= Bill Hunter (politician) =

Bill Hunter (1920 – 9 July 2015) was a Trotskyist activist in Britain and a leader of the International Socialist League.

== Life ==

Hunter began his revolutionary career as a member of the Independent Labour Party in World War II, when he was a part of the circle around the Free Expression discussion magazine in that group. With the decline of the ILP, Hunter became a Trotskyist and joined the Revolutionary Communist Party in which he played a leading role in its final period.

With the collapse of the RCP, Hunter joined the Gerry Healy-led group known as The Club, although he had not belonged to Healy's faction in the RCP. He remained a leading member of Healy's groups until the collapse of the organisation.

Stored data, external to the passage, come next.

From HB Require Import structures.
From mathcomp Require Import all_boot all_order all_algebra.
From mathcomp Require Import all_classical all_reals all_analysis.
From mathcomp Require Import ring lra.
Import Order.TTheory GRing.Theory Num.Theory.
Import numFieldNormedType.Exports.
Local Open Scope classical_set_scope.
Local Open Scope ring_scope.
Set Implicit Arguments. Unset Strict Implicit. Unset Printing Implicit Defensive.

(* The update of column i replaces v_i by w / |w| with w = v_i - theta V c_i.
   Since c_ii = 0, the vector V c_i does not involve v_i, and on the product of
   unit spheres |V c_i| <= ||c_i||_1 < 1/theta, so w never vanishes.  The old
   column is recovered from the new one u as t u + theta V c_i, where t is the
   positive root of |t u + theta V c_i|^2 = 1, whose discriminant is positive
   for the same reason.  The update and its inverse are thus built from the
   coordinates by ring operations, inverses of nonvanishing functions and
   square roots of positive ones, on an open neighbourhood of the product of
   spheres; such expressions are closed under directional derivatives, hence
   C^oo.  Composing the n updates, and their inverses in reverse order, gives
   the diffeomorphism. *)

Section SmoothExpr.
Context {R : realType} {k n : nat}.
Local Notation M := 'M[R]_(k, n).

Inductive smooth_expr (U : set M) : (M -> R) -> Prop :=
| smooth_expr_cst c : smooth_expr U (fun _ => c)
| smooth_expr_coord a j : smooth_expr U (fun x => x a j)
| smooth_expr_add f g :
    smooth_expr U f -> smooth_expr U g -> smooth_expr U (fun x => f x + g x)
| smooth_expr_mul f g :
    smooth_expr U f -> smooth_expr U g -> smooth_expr U (fun x => f x * g x)
| smooth_expr_inv f : smooth_expr U f -> (forall x, U x -> f x != 0) ->
    smooth_expr U (fun x => (f x)^-1)
| smooth_expr_sqrt f : smooth_expr U f -> (forall x, U x -> 0 < f x) ->
    smooth_expr U (fun x => Num.sqrt (f x)).
(* Let $B_k$ ($k\ge2$) be a generalized Bethe tree with parameters $n_1,\dots,n_k$, $d_1,\dots,d_k$, $m_1,\dots,m_{k-1}$ as in the context, let $\alpha\in[0,1]$ and $\beta=1-\alpha$. Define polynomials $P_0(\lambda)=1$, $P_1(\lambda)=\lambda-\alpha$, and \[ P_j(\lambda)=(\lambda-\alpha d_j)P_{j-1}(\lambda)-\beta^2m_{j-1}P_{j-2}(\lambda)\quad (j=2,\dots,k). \] Then the characteristic polynomial $\phi(\lambda)=\det(\lambda I-A_\alpha(B_k))$ satisfies \[ \phi(\lambda)=P_k(\lambda)\prod_{j=1}^{k-1}P_j(\lambda)^{n_j-n_{j+1}}. \]
   Context: For a graph $G$, $A(G)$ is the adjacency matrix, $D(G)$ the diagonal degree matrix, and $A_\alpha(G)=\alpha D(G)+(1-\alpha)A(G)$. In a rooted tree, the level of a vertex is its distance to the root plus one. A generalized Bethe tree $B_k$ is a rooted tree with $k$ levels in which all vertices at the same level have the same degree. For $j\in\{1,\dots,k\}$, $n_{k-j+1}$ denotes the number of vertices at level $j$ and $d_{k-j+1}$ their common degree (so index $1$ refers to the deepest level and index $k$ to the root; $d_1=1$, $n_k=1$). For $j\in\{1,\dots,k-1\}$, $m_j=n_j/n_{j+1}$ (a positive integer); one has $n_j=(d_{j+1}-1)n_{j+1}$ for $j\le k-2$ and $n_{k-1}=d_k=m_{k-1}$. *)

From HB Require Import structures.
From mathcomp Require Import all_boot all_order all_algebra.
Set Implicit Arguments. Unset Strict Implicit. Unset Printing Implicit Defensive.
Import Order.TTheory GRing.Theory Num.Theory.

Definition simple_graph (N : nat) (e : rel 'I_N) : Prop :=
  symmetric e /\ irreflexive e.

Definition is_tree (N : nat) (e : rel 'I_N) : Prop :=
  (forall x y, connect e x y) /\
  ~ (exists c : seq 'I_N, [/\ uniq c, 3 <= size c & cycle e c]).

Definition gdeg (N : nat) (e : rel 'I_N) (x : 'I_N) : nat := #|[set y | e x y]|.

Definition ball (N : nat) (e : rel 'I_N) (x : 'I_N) (n : nat) : {set 'I_N} :=
  iter n (fun S => S :|: [set y | [exists z in S, e z y]]) [set x].

(* graph distance: least n (< N) with y in the n-ball of x
   (equals N if y is unreachable; never happens in a connected graph). *)
Definition gdist (N : nat) (e : rel 'I_N) (x y : 'I_N) : nat :=
  find (fun n => y \in ball e x n) (iota 0 N).

Definition level (N : nat) (e : rel 'I_N) (r x : 'I_N) : nat := (gdist e r x).+1.

Local Open Scope ring_scope.

Definition adjmx (R : nzRingType) (N : nat) (e : rel 'I_N) : 'M[R]_N :=
  \matrix_(i, j) (e i j)%:R.
Definition degmx (R : nzRingType) (N : nat) (e : rel 'I_N) : 'M[R]_N :=
  \matrix_(i, j) ((i == j)%:R * (gdeg e i)%:R).
Definition A_alpha (R : nzRingType) (N : nat) (e : rel 'I_N) (alpha : R) : 'M[R]_N :=
  alpha *: degmx R e + (1 - alpha) *: adjmx R e.

Fixpoint bethe_P (R : nzRingType) (alpha : R) (d m : nat -> nat) (j : nat)
  : {poly R} :=
  match j with
  | 0 => 1
  | 1 => 'X - alpha%:P
  | S ((S j'') as j') =>
      ('X - (alpha * (d j)%:R)%:P) * bethe_P alpha d m j'
      - ((1 - alpha) ^+ 2 * (m j')%:R)%:P * bethe_P alpha d m j''
  end.

From HB Require Import structures.
From mathcomp Require Import all_boot all_order all_algebra.
From mathcomp Require Import zify ring fingroup perm fraction.
Import Order.TTheory GRing.Theory Num.Theory.

(* Off the diagonal, [lambda I - A_alpha] only couples
   a vertex with its parent (entry [-beta]), so eliminating vertices from the
   leaves towards the root factors it as [L diag(pivots) L^T] with [L]
   unitriangular, and the determinant is the product of the pivots.  Over
   the fraction field of [R[lambda]], the pivot of a vertex at level
   [k - j + 1] is [P_j / P_(j-1)]: a leaf has pivot [lambda - alpha], and a
   vertex with [m_(j-1)] children gets
   [lambda - alpha d_j - m_(j-1) beta^2 P_(j-2) / P_(j-1)], which is the
   three-term recurrence.  As level [k - j + 1] has [n_j] vertices, the
   product of the pivots telescopes to [P_k * \prod_j P_j ^ (n_j - n_(j+1))]. *)

Local Open Scope ring_scope.

Lemma det_graded_trig (R : comPzRingType) (n : nat) (A : 'M[R]_n) (f : 'I_n -> nat) :
  (forall i j, i != j -> A i j != 0 -> (f i < f j)%N) -> \det A = \prod_i A i i.
Proof.
move=> A_graded; rewrite /determinant (bigD1 1%g) //= [X in _ + X]big1 ?addr0.
  by rewrite odd_perm1 expr0 mul1r; apply: eq_bigr => i _; rewrite perm1.
move=> s s_neq1; have [i /eqP Ai0 | A_nz] := pickP (fun i => A i (s i) == 0).
  by rewrite (bigD1 i) //= Ai0 mul0r mulr0.
have f_le i : (f i <= f (s i))%N.
  have [<- // | ne] := eqVneq i (s i).
  by rewrite ltnW // A_graded // A_nz.
have sum_eq : (\sum_i f (s i) = \sum_i f i)%N.
  by rewrite [RHS](reindex_inj (@perm_inj _ s)).
have [_] := leqif_sum (fun i (_ : true) => leqif_eq (f_le i)).
rewrite sum_eq eqxx => /esym/forall_inP f_eq.
case/eqP: s_neq1; apply/permP => i; rewrite perm1; apply/eqP; apply: contraT => ne.
have := A_graded i (s i); rewrite eq_sym ne A_nz (eqP (f_eq i isT)) ltnn.
by move/(_ isT isT).
Qed.

Section TreePivots.
Variables (F : fieldType) (n : nat) (p : 'I_n -> 'I_n) (rt : 'I_n) (f : 'I_n -> nat).
Hypothesis f_par : forall x, x != rt -> f x = (f (p x)).+1.

Let child x a := (x != rt) && (p x == a).

Let child_irrefl a : child a a = false.
Proof. by apply/negP => /andP[art /eqP pa]; have := f_par _ art; rewrite pa; lia. Qed.

Let child_asym a c : child a c -> child c a = false.
Proof.
move=> /andP[art /eqP pa]; apply/negP => /andP[crt /eqP pc].
by have := f_par _ art; have := f_par _ crt; rewrite pa pc => ->; lia.
Qed.

(* Gaussian elimination of each vertex into its parent: [M = L diag(rv) L^T]
   with [L] unitriangular for the grading [f]. *)
Lemma det_tree_pivots (M : 'M[F]_n) (rv : 'I_n -> F) (b : F) :
  (forall x, rv x != 0) ->
  (forall a c, M a c = (a == c)%:R * (rv a + \sum_(x | child x a) b ^+ 2 / rv x)
      - b * (child a c)%:R - b * (child c a)%:R) ->
  \det M = \prod_i rv i.
Proof.
move=> rv_neq0 M_def.
pose L := \matrix_(a, x) ((x == a)%:R - (child x a)%:R * (b / rv x)) : 'M[F]_n.
have -> : M = L *m diag_mx (\row_i rv i) *m L^T.
  apply/matrixP => a c; rewrite mul_mx_diag !mxE M_def; symmetry.
  under eq_bigr do rewrite !mxE.
  have [<- | ac] := eqVneq a c.
    rewrite (bigD1 a) //= child_irrefl eqxx /= !mul0r !mulr0 !subr0 mulr1 !mul1r.
    congr (_ + _); rewrite [LHS]big_mkcond [RHS]big_mkcond; apply: eq_bigr => x _ /=.
    have [-> | xa] := eqVneq x a; first by rewrite child_irrefl.
    case: (child x a); rewrite /= ?mulr0n ?mulr1n ?mul0r ?sub0r ?oppr0 ?mul0r //.
    by field; apply: rv_neq0.
  rewrite (bigD1 a) //= (bigD1 c) //=; last by rewrite eq_sym.
  rewrite big1 ?addr0; last first.
    move=> x /andP[xa xc]; rewrite (negbTE xa) (negbTE xc).
    have [/andP[_ /eqP pxa] | xa'] := boolP (child x a); last first.
      by rewrite /=; ring.
    have [/andP[_ /eqP pxc] | xc'] := boolP (child x c); last first.
      by rewrite /=; ring.
    by case/eqP: ac; rewrite -pxa -pxc.
  rewrite !eqxx !child_irrefl (negbTE ac) eq_sym (negbTE ac) /=.
  have [ca | _] := boolP (child c a).
    by rewrite (child_asym _ _ ca) /=; field; rewrite !rv_neq0.
  by case: (child a c) => /=; field; rewrite !rv_neq0.
have det_L : \det L = 1.
  rewrite (@det_graded_trig _ _ _ f).
    by apply: big1 => i _; rewrite mxE eqxx child_irrefl mul0r subr0.
  move=> a x ax; rewrite mxE (eq_sym x) (negbTE ax).
  case E : (child x a); last by rewrite mul0r subr0 eqxx.
  by move: E => /andP[xrt /eqP <-] _; rewrite (f_par _ xrt).
rewrite !det_mulmx det_tr det_L det_diag mul1r mulr1.
by apply: eq_bigr => i _; rewrite mxE.
Qed.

When Healy's Workers Revolutionary Party split in 1985, Hunter joined Cliff Slaughter's anti-Healy faction, around what was soon renamed the Workers Press newspaper. In this group, he became attracted to the faction of international Trotskyism led by Nahuel Moreno. In 1988, he and Martin Ralph led a small split to form the International Socialist League as a section of Moreno's organisation.

Bill Hunter wrote several books, including Forgotten Hero: The Life and Times of Edward Rushton about the blind Liverpool-born anti-slavery campaigner, and the two part autobiography Lifelong Apprenticeship: The Life and Times of a Revolutionary. He died on 9 July 2015.